"""
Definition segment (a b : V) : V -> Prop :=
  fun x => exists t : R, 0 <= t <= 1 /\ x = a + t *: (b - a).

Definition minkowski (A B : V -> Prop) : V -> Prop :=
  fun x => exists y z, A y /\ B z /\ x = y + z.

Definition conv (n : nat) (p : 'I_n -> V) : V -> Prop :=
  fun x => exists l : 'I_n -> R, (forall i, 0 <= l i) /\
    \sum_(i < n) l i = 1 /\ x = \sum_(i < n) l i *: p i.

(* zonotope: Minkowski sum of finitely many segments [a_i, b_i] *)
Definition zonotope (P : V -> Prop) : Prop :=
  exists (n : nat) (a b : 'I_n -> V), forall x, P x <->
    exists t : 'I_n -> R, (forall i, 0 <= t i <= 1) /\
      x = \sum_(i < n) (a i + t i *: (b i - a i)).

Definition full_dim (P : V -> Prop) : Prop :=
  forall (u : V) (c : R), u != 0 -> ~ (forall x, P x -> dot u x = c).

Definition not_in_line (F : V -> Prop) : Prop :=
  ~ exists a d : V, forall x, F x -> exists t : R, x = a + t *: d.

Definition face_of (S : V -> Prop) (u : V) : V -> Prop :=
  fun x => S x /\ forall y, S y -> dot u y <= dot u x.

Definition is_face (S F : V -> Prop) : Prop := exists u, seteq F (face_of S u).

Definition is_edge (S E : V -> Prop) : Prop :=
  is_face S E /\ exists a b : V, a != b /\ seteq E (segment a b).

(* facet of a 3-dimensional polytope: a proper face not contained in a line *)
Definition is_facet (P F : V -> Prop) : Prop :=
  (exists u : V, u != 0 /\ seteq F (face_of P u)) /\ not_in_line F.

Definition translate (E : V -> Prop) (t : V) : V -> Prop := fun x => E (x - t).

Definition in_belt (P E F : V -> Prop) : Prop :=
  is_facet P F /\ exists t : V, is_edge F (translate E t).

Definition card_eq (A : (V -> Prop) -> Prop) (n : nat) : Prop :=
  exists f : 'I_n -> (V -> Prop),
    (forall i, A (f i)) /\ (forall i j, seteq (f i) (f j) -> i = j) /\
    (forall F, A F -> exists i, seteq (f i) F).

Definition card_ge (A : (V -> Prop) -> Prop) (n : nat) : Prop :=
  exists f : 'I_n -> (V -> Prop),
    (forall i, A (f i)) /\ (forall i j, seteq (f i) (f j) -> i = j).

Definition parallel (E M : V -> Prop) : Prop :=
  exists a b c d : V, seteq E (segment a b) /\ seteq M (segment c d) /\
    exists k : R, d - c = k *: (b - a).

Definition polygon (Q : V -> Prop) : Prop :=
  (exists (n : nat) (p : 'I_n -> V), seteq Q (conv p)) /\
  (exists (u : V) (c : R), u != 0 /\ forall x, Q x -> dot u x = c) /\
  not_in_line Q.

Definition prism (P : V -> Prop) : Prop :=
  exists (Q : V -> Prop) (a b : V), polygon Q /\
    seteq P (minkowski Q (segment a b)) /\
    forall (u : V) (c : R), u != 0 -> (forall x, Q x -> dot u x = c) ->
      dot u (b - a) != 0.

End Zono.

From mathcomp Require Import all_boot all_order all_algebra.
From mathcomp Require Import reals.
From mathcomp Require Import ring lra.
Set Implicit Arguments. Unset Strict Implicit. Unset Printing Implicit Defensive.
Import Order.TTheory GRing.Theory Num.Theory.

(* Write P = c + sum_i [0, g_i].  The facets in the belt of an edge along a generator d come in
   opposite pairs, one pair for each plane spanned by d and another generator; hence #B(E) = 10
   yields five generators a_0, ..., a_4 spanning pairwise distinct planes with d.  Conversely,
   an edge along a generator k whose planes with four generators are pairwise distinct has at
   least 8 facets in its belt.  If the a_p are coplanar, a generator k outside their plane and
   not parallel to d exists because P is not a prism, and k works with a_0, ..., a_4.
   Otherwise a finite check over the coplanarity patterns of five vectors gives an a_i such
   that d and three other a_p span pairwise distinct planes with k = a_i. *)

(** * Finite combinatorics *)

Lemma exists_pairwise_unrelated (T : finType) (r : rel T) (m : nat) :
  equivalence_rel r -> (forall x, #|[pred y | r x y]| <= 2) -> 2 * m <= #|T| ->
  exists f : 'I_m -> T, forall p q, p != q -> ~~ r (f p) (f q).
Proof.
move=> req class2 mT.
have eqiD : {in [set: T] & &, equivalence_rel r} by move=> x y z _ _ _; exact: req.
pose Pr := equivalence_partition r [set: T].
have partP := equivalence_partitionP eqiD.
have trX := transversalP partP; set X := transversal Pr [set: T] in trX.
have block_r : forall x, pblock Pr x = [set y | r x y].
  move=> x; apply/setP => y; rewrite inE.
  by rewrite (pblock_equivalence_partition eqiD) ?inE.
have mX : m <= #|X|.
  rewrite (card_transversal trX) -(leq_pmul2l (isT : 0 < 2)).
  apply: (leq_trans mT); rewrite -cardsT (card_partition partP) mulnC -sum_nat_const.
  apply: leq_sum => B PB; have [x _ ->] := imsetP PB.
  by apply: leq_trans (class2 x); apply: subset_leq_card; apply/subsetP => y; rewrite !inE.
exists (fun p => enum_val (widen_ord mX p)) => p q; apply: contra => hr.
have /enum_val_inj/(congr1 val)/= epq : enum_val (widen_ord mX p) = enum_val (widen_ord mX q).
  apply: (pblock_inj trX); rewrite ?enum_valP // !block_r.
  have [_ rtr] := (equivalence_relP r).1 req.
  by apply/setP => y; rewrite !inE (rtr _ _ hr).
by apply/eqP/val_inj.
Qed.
"""
"""
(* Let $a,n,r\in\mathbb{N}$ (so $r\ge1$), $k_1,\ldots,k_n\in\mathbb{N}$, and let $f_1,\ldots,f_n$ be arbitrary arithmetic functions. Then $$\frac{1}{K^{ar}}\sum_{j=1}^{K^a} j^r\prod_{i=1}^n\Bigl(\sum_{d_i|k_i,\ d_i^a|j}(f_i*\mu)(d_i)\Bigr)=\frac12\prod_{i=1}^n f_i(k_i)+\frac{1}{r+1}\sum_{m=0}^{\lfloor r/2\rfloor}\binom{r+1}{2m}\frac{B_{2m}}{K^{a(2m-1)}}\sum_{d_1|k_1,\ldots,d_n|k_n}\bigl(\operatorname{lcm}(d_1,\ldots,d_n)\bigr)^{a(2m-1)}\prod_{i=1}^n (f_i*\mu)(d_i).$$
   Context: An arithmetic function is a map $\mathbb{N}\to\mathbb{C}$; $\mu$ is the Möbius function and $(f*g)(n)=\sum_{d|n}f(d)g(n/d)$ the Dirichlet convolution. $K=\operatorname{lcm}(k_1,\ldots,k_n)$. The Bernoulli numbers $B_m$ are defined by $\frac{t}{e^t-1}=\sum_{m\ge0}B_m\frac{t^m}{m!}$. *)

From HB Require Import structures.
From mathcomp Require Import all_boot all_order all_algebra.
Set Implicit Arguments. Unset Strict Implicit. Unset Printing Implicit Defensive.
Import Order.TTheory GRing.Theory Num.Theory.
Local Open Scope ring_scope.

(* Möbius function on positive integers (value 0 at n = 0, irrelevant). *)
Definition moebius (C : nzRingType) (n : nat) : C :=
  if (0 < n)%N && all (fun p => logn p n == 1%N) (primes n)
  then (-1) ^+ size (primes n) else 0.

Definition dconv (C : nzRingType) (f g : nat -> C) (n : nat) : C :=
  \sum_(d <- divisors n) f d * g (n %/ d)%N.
"""
"""
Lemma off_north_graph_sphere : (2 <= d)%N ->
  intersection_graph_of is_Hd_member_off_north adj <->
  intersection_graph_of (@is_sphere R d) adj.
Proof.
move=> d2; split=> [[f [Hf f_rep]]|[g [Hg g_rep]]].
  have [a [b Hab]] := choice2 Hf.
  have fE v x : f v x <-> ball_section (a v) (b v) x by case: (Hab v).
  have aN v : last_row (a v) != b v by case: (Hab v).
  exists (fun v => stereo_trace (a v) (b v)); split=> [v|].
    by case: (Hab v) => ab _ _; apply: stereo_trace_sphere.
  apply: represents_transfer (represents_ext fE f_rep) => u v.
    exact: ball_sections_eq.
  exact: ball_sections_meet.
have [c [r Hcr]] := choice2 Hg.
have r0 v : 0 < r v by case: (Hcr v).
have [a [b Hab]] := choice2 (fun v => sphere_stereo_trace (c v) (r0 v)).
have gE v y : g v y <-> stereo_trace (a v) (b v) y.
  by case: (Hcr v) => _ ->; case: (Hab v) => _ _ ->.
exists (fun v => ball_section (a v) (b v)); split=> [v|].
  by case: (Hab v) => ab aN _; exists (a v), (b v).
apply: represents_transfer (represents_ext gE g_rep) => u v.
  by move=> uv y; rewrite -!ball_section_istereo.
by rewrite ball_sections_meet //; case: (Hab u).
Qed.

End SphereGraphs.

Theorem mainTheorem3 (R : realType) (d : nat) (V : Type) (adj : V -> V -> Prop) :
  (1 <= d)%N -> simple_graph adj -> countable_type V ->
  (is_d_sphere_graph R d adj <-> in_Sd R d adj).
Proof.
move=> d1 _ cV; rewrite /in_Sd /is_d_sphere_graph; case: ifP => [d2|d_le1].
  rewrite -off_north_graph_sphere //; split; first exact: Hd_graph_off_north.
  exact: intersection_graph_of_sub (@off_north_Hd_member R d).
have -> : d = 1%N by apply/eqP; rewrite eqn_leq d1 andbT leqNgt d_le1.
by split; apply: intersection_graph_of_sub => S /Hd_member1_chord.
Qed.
"""
Take the records above and return, word for word, only the lines that fall from the line with "Definition segment (a" to the line with "Definition conv (n", both of them included.

Definition segment (a b : V) : V -> Prop :=
  fun x => exists t : R, 0 <= t <= 1 /\ x = a + t *: (b - a).

Definition minkowski (A B : V -> Prop) : V -> Prop :=
  fun x => exists y z, A y /\ B z /\ x = y + z.

Definition conv (n : nat) (p : 'I_n -> V) : V -> Prop :=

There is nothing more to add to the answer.